(SUPPLIED ENTRIES Opens)

Lemma sdrotX (e : 'I_3) : (sdrot ^+ e)%g = (0, e).
Proof.
case: e => -[|[|[|//]]] He; rewrite /= ?expgS ?expg0 ?mulg1 ?sdmulE /= ?sigmaX0 ?addr0;
  by apply/eqP; rewrite xpair_eqE eqxx -val_eqE.
Qed.

Lemma sdprodC3_decomp v (e : 'I_3) : ((v, e) : G) = (sdvec v * sdrot ^+ e)%g.
Proof. by rewrite sdrotX sdmulE /= sigmaX0 addr0 add0r. Qed.

Lemma sdrot_vec v : (sdrot * sdvec v)%g = (sdvec (sigma v) * sdrot)%g.
Proof. by rewrite !sdmulE /= sigmaX0 !add0r !addr0. Qed.

Lemma card_sdprodC3 : #|[set: G]| = (3 * #|V|)%N.
Proof. by rewrite cardsT card_prod card_ord mulnC. Qed.

Local Notation nfix := #|[set v : V | sigma v == v]|.

Lemma card_fixed_sum : nfix = (\sum_(v : V) (sigma v == v))%N.
Proof. by rewrite -sum1dep_card big_mkcond /=; apply: eq_bigr => v _; case: eqP. Qed.

Lemma sum_fixed_shift t : (\sum_(w : V) (sigma (w - t)%R == (w - t)%R))%N = nfix.
Proof.
by rewrite card_fixed_sum (reindex_inj (addIr t)); under eq_bigr do rewrite addrK.
Qed.

Lemma commute_sdprodC3 (a x : G) :
  ((x * a)%g == (a * x)%g) = (x.1 + sigmaX x.2 a.1 == a.1 + sigmaX a.2 x.1).
Proof. by rewrite !sdmulE xpair_eqE [x.2 + _]addrC eqxx andbT. Qed.

Lemma eq_add_sigma2 x y :
  (x + sigma (sigma y) == y + sigma x) = (sigma (x - (y + sigma y)) == x - (y + sigma y)).
Proof.
rewrite -eq_add_zmod_morphism; last exact: raddfB.
by rewrite raddfD addrCA [y + sigma y]addrC -(addrA (sigma y)) (inj_eq (addrI _)).
Qed.

Lemma sum_commute_layer e f :
  (\sum_(v : V) \sum_(w : V) (w + sigmaX f v == v + sigmaX e w)%R)%N =
  (if (e == 0%R) && (f == 0%R) then #|V| ^ 2 else #|V| * nfix)%N.
Proof.
have [-> | e_nz] := eqVneq e 0; have [-> | f_nz] := eqVneq f 0 => /=.
- under eq_bigr do under eq_bigr do rewrite addrC eqxx.
  by rewrite !sum_nat_const muln1 mulnn.
- under eq_bigr => v _ do under eq_bigr => w _ do
    rewrite [v + _]addrC (inj_eq (addrI _)) (sigmaX_fixed _ f_nz).
  by under eq_bigr do rewrite sum_nat_const; rewrite -big_distrr card_fixed_sum.
- under eq_bigr => v _ do under eq_bigr => w _ do
    rewrite [_ + v]addrC (inj_eq (addrI _)) eq_sym (sigmaX_fixed _ e_nz).
  by rewrite -card_fixed_sum sum_nat_const.
have [<- | e_neq_f] := eqVneq e f.
  under eq_bigr do under eq_bigr do
    rewrite (eq_add_zmod_morphism _ _ (sigmaXB e)) (sigmaX_fixed _ e_nz).
  by under eq_bigr do rewrite sum_fixed_shift; rewrite sum_nat_const.
move: e f e_nz f_nz e_neq_f => -[[|[|[|//]]] He] -[[|[|[|//]]] Hf] //= _ _ _.
  under eq_bigr do under eq_bigr do rewrite eq_add_sigma2.
  by under eq_bigr do rewrite sum_fixed_shift; rewrite sum_nat_const.
rewrite exchange_big /=.
under eq_bigr do under eq_bigr do rewrite eq_sym eq_add_sigma2.
by under eq_bigr do rewrite sum_fixed_shift; rewrite sum_nat_const.
Qed.

Lemma sum_commute_sdprodC3 :
  (\sum_(a : G) \sum_(x : G) ((x * a)%g == (a * x)%g))%N = (#|V| * (#|V| + 8 * nfix))%N.
Proof.
rewrite sum_prod; under eq_bigr => e _ do under eq_bigr => v _ do rewrite sum_prod.
under eq_bigr => e _ do rewrite exchange_big.
under eq_bigr => e _ do under eq_bigr => f _ do
  under eq_bigr => v _ do under eq_bigr => w _ do rewrite commute_sdprodC3 /=.
under eq_bigr => e _ do under eq_bigr => f _ do rewrite sum_commute_layer.
rewrite !big_ord_recl !big_ord0 /=.
by move: #|V| nfix => n m; nia.
Qed.

Theorem card_classes_sdprodC3 : (#|classes [set: G]| * 3 = #|V| + 8 * nfix)%N.
Proof.
have V_gt0 : (0 < #|V|)%N by apply/card_gt0P; exists 0.
apply/eqP; rewrite -(eqn_pmul2r V_gt0) -mulnA -card_sdprodC3 cardsT.
by rewrite card_classes_commuting sum_commute_sdprodC3 mulnC.
Qed.

End SemidirectC3.
(* Translating by the first unit row exchanges the two terms of each summand. *)
Lemma sum_kernel_signs n m (B : 'M[F]_(n, m)) :
  \sum_(u : 'rV[F]_(1 + m))
     ((row_mx 0 B *m u^T == 0)%:R * ((u 0 0 == 0)%:R - (u 0 0 == 1)%:R) : int) = 0.
Proof.
under eq_bigr => u _ do rewrite mulrBr.
rewrite sumrB; apply/eqP; rewrite subr_eq0; apply/eqP.
rewrite [RHS](reindex_inj (addIr (pid_mx 1))) /=; apply: eq_bigr => u _.
rewrite linearD /= mulmxDr.
have -> : row_mx 0 B *m (pid_mx 1 : 'rV[F]_(1 + m))^T = 0.
  by rewrite pid_mx_row tr_row_mx mul_row_col mul0mx trmx0 mulmx0 addr0.
by rewrite addr0 !mxE eqxx /= -[X in _ + 1 == X]add0r (inj_eq (addIr 1)).
Qed.

(* Only the first rows u orthogonal to the rows of [row_mx 0 B] contribute, with the
   sign of [u 0 0], and these signs add up to -1 over the nonzero u. *)
Lemma fiber_bias_rec t l m (B : 'M[F]_(l, m)) : (0 < t)%N ->
  fiber_bias t (block_mx 1%:M 0 0 B : 'M[F]_(1 + l, 1 + m))
  = fiber_bias t (row_mx 0 B : 'M[F]_(l, 1 + m)) - (#|F| ^ l)%:R * fiber_bias t.-1 B.
Proof.
move=> t0; set A := block_mx _ _ _ _.
have uA : usubmx A = pid_mx 1 by rewrite /A /block_mx col_mxKu pid_mx_row.
have dA : dsubmx A = row_mx 0 B by rewrite /A /block_mx col_mxKd.
set g := fun u : 'rV[F]_(1 + m) =>
  ((row_mx 0 B *m u^T == 0)%:R * ((u 0 0 == 0)%:R - (u 0 0 == 1)%:R) : int).
rewrite /fiber_bias !fiber_card_row_fibers !natr_sum -sumrB (bigD1 0) //= !row_fiber0 dA.
congr (_ + _); rewrite (eq_bigr (fun u => (#|F| ^ l)%:R * (g u * fiber_bias t.-1 B))).
  rewrite -mulr_sumr -mulr_suml -mulrN; congr (_ * _).
  have := sum_kernel_signs B; rewrite (bigD1 0) //= -/g => /eqP.
  rewrite addrC addr_eq0 => /eqP ->.
  by rewrite /g trmx0 mulmx0 mxE !eqxx (eq_sym 0) oner_eq0 subr0 mul1r mulN1r.
move=> u nz; rewrite /g -dA; case: (eqVneq (dsubmx A *m u^T) 0) => Du.
  rewrite !row_fiber_reduce // !natrM -mulrBr dA rank_row_0mx -!fiber_card_rank.
  by rewrite uA fiber_bias_shift evalf_pid1 mul1r.
by rewrite row_fiber_unbiased // subrr mul0r mul0r mulr0.
Qed.

End FirstRow.

Section PidBias.
Variable F : finFieldType.

Lemma pid_bias_rank0 t l m : pid_bias F t l m 0 = (card_rank_le F t l m)%:R.
Proof. by rewrite /pid_bias /fiber_bias pid_mx_0 fiber_card0_1 subr0 card_rank_le_fiber0. Qed.

Lemma pid_bias_t0 l m r : pid_bias F 0 l m r = 1.
Proof. by rewrite /pid_bias /fiber_bias !fiber_card_rank0 eqxx oner_eq0 subr0. Qed.

Lemma card_rank_le_t0 l m : card_rank_le F 0 l m = 1%N.
Proof. by rewrite card_rank_le_fiber0 fiber_card_rank0 eqxx. Qed.

Lemma card_rank_le_l0 t m : card_rank_le F t 0 m = 1%N.
Proof.
rewrite card_rank_leE (bigD1 0) //= mxrank0 big1 // => M nz.
by case/eqP: nz; apply/matrixP => [[]].
Qed.
(* Let $(S,\circ)$ be a right loop with identity $1$, with group torsion $G_S$ and associated group $G_SS\le\mathrm{Sym}(S)$, and let $\sigma(S)$ be the stability relation on $S$. Then $N_{G_SS}(N_{G_SS}(G_S))=G_SS$ if and only if $\sigma(S)$ is a congruence on $S$ and, for all $y,z\in S$, $\{(x,\,x\,\theta^S f^S(y,z)) \mid x \in S\} \subseteq \sigma(S)$.
   Context: A right loop is a set $S$ with a binary operation $\circ$ having a two-sided identity $1$ such that for all $a,b\in S$ the equation $X\circ a=b$ has a unique solution $X\in S$. A right subloop of $S$ is a nonempty subset which is a right loop under the induced operation. A congruence on $S$ is an equivalence relation $R\subseteq S\times S$ which is a right subloop of $S\times S$ (with componentwise operation $(a,b)\circ(c,d)=(a\circ c,b\circ d)$). Products in $\mathrm{Sym}(S)$ follow the convention $(rs)(x)=s(r(x))$. For $u\in S$, $R_u\in\mathrm{Sym}(S)$ is $R_u(x)=x\circ u$, and $G_SS=\langle R_x : x\in S\rangle\le\mathrm{Sym}(S)$; $S$ is identified with $\{R_x: x\in S\}\subseteq G_SS$. For $y,z\in S$, $f^S(y,z)\in \mathrm{Sym}(S)$ is defined by: $f^S(y,z)(x)$ is the unique solution $X$ of $X\circ(y\circ z)=(x\circ y)\circ z$ (equivalently $f^S(y,z)=R_yR_zR_{y\circ z}^{-1}$). The group torsion $G_S$ is the subgroup of $\mathrm{Sym}(S)$ generated by all $f^S(y,z)$; it is a subgroup of $G_SS$. $G_S$ acts on $S$ via $x\,\theta^S h=h(x)$. $G_SS$ acts on $S$ by $x\star p=p(x)$, $\mathrm{stab}(G_SS,u)$ denotes the stabilizer of $u$, and the stability relation is $\sigma(S)=\{(x,y)\in S\times S \mid \mathrm{stab}(G_SS,x)=\mathrm{stab}(G_SS,y)\}$. *)

(* Permutations of S are represented as functions S -> S; all subgroup
   memberships below are extensional (stated pointwise), so no funext is
   needed.  Product convention: (r s)(x) = s (r x). *)

Section RightLoops.
Context {S : Type}.
Variable op : S -> S -> S.
Variable e : S.

Definition is_right_loop : Prop :=
  (forall a, op e a = a /\ op a e = a) /\
  (forall a b, exists X, op X a = b /\ forall Y, op Y a = b -> Y = X).

Definition right_subloop {T : Type} (opT : T -> T -> T) (P : T -> Prop) : Prop :=
  (exists t, P t) /\
  (forall a b, P a -> P b -> P (opT a b)) /\
  (exists u, P u /\ forall a, P a -> opT u a = a /\ opT a u = a) /\
  (forall a b, P a -> P b ->
     exists X, (P X /\ opT X a = b) /\ forall Y, P Y -> opT Y a = b -> Y = X).

Definition pair_op (p q : S * S) : S * S := (op (fst p) (fst q), op (snd p) (snd q)).

Definition is_equivalence (R : S -> S -> Prop) : Prop :=
  (forall x, R x x) /\ (forall x y, R x y -> R y x) /\
  (forall x y z, R x y -> R y z -> R x z).

Definition congruence (R : S -> S -> Prop) : Prop :=
  is_equivalence R /\ right_subloop pair_op (fun p => R (fst p) (snd p)).

(* Subgroup of Sym(S) generated by a set X of permutations:
   words p1^{+-1} ... pn^{+-1}.  r = p q : r x = q (p x);
   r = p^{-1} q : r (p x) = q x. *)
Inductive gen (X : (S -> S) -> Prop) : (S -> S) -> Prop :=
| gen_id r : (forall x, r x = x) -> gen X r
| gen_mul p q r : X p -> gen X q -> (forall x, r x = q (p x)) -> gen X r
| gen_inv p q r : X p -> gen X q -> (forall x, r (p x) = q x) -> gen X r.

Definition Rmul (u : S) : S -> S := fun x => op x u.

Definition is_fS (y z : S) (h : S -> S) : Prop :=
  forall x, op (h x) (op y z) = op (op x y) z.

Definition GSS : (S -> S) -> Prop :=
  gen (fun p => exists u, forall x, p x = Rmul u x).

Definition GS : (S -> S) -> Prop :=
  gen (fun h => exists y z, is_fS y z h).

(* N_G(H) = { g in G | g H g^{-1} = H }, where g h g^{-1} is x |-> g^{-1}(h(g x)) *)
Definition normalizer (G H : (S -> S) -> Prop) (g : S -> S) : Prop :=
  G g /\
  (forall h, H h -> exists h', H h' /\ forall x, h (g x) = g (h' x)) /\
  (forall h', H h' -> exists h, H h /\ forall x, h (g x) = g (h' x)).

Definition stab (u : S) (p : S -> S) : Prop := GSS p /\ p u = u.

Definition sigma (x y : S) : Prop := forall p, stab x p <-> stab y p.

End RightLoops.

From Stdlib Require Import ClassicalEpsilon.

(SUPPLIED ENTRIES Closes)

WHAT IS REQUIRED — In the entries above, please find the line with "Lemma sum_fixed_shift t" and the line with "have [<- | e_neq_f] := eqVneq e f.", then write out exactly those two lines and every line between them, and nothing more.

RESPONSE BOX —
Lemma sum_fixed_shift t : (\sum_(w : V) (sigma (w - t)%R == (w - t)%R))%N = nfix.
Proof.
by rewrite card_fixed_sum (reindex_inj (addIr t)); under eq_bigr do rewrite addrK.
Qed.

Lemma commute_sdprodC3 (a x : G) :
  ((x * a)%g == (a * x)%g) = (x.1 + sigmaX x.2 a.1 == a.1 + sigmaX a.2 x.1).
Proof. by rewrite !sdmulE xpair_eqE [x.2 + _]addrC eqxx andbT. Qed.

Lemma eq_add_sigma2 x y :
  (x + sigma (sigma y) == y + sigma x) = (sigma (x - (y + sigma y)) == x - (y + sigma y)).
Proof.
rewrite -eq_add_zmod_morphism; last exact: raddfB.
by rewrite raddfD addrCA [y + sigma y]addrC -(addrA (sigma y)) (inj_eq (addrI _)).
Qed.

Lemma sum_commute_layer e f :
  (\sum_(v : V) \sum_(w : V) (w + sigmaX f v == v + sigmaX e w)%R)%N =
  (if (e == 0%R) && (f == 0%R) then #|V| ^ 2 else #|V| * nfix)%N.
Proof.
have [-> | e_nz] := eqVneq e 0; have [-> | f_nz] := eqVneq f 0 => /=.
- under eq_bigr do under eq_bigr do rewrite addrC eqxx.
  by rewrite !sum_nat_const muln1 mulnn.
- under eq_bigr => v _ do under eq_bigr => w _ do
    rewrite [v + _]addrC (inj_eq (addrI _)) (sigmaX_fixed _ f_nz).
  by under eq_bigr do rewrite sum_nat_const; rewrite -big_distrr card_fixed_sum.
- under eq_bigr => v _ do under eq_bigr => w _ do
    rewrite [_ + v]addrC (inj_eq (addrI _)) eq_sym (sigmaX_fixed _ e_nz).
  by rewrite -card_fixed_sum sum_nat_const.
have [<- | e_neq_f] := eqVneq e f.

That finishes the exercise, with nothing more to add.